● Problem statement:
Please retype the line that contains "matter); colours are natural numbers. *)" and all lines that follow it to the end of the entries below, exactly as they stand, with nothing added.

● Data for analysis:
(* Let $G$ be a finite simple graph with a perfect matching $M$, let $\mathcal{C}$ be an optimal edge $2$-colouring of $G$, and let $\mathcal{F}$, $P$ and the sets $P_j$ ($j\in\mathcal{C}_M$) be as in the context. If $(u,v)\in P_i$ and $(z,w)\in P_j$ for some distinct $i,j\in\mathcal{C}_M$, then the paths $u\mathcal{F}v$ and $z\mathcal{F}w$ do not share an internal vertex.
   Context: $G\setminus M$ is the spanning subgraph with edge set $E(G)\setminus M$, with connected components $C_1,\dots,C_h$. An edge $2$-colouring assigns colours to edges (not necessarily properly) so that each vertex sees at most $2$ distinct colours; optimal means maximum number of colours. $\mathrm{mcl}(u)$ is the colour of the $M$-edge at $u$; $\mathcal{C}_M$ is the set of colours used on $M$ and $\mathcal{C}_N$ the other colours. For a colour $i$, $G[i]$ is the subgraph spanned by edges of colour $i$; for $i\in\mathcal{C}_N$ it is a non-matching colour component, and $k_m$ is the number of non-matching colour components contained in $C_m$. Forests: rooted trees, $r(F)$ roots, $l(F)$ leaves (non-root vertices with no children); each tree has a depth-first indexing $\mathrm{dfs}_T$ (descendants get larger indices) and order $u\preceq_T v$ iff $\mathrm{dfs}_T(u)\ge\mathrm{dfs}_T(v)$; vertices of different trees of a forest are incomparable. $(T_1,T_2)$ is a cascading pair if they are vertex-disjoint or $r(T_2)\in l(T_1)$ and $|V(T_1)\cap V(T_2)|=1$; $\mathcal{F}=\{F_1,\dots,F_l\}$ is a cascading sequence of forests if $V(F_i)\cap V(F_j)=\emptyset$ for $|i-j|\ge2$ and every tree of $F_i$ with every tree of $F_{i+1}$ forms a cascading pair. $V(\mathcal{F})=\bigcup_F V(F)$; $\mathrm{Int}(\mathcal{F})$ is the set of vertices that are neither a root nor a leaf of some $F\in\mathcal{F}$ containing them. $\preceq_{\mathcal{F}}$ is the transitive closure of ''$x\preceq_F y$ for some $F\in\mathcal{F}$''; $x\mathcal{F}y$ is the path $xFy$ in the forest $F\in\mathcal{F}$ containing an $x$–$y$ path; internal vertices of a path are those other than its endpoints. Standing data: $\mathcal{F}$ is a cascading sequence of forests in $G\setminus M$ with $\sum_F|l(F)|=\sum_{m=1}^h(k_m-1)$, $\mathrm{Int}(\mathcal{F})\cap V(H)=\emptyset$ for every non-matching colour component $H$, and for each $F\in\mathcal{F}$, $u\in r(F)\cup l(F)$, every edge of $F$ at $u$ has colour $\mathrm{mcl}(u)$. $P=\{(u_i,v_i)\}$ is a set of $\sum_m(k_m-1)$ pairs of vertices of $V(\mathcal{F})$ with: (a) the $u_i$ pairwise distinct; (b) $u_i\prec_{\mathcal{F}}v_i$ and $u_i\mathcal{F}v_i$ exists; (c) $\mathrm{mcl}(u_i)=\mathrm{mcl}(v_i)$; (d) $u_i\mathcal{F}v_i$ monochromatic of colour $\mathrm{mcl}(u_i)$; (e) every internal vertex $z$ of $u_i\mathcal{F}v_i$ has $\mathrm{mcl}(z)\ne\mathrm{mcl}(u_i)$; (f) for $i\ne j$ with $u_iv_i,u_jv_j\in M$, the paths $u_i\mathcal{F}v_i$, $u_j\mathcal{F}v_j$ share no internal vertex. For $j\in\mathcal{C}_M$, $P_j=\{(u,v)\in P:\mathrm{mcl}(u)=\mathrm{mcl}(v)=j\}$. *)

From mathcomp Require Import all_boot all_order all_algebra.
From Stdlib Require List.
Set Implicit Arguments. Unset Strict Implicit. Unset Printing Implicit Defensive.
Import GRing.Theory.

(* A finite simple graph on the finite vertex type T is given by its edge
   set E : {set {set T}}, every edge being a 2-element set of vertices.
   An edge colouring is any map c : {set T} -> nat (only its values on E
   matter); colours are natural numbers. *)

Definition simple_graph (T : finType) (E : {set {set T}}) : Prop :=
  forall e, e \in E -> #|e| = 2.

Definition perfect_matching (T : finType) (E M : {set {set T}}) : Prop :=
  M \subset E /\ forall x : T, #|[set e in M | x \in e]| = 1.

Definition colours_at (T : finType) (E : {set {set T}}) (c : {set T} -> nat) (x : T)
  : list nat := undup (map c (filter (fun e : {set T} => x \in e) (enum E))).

● Solution to this task:
   matter); colours are natural numbers. *)

Definition simple_graph (T : finType) (E : {set {set T}}) : Prop :=
  forall e, e \in E -> #|e| = 2.

Definition perfect_matching (T : finType) (E M : {set {set T}}) : Prop :=
  M \subset E /\ forall x : T, #|[set e in M | x \in e]| = 1.

Definition colours_at (T : finType) (E : {set {set T}}) (c : {set T} -> nat) (x : T)
  : list nat := undup (map c (filter (fun e : {set T} => x \in e) (enum E))).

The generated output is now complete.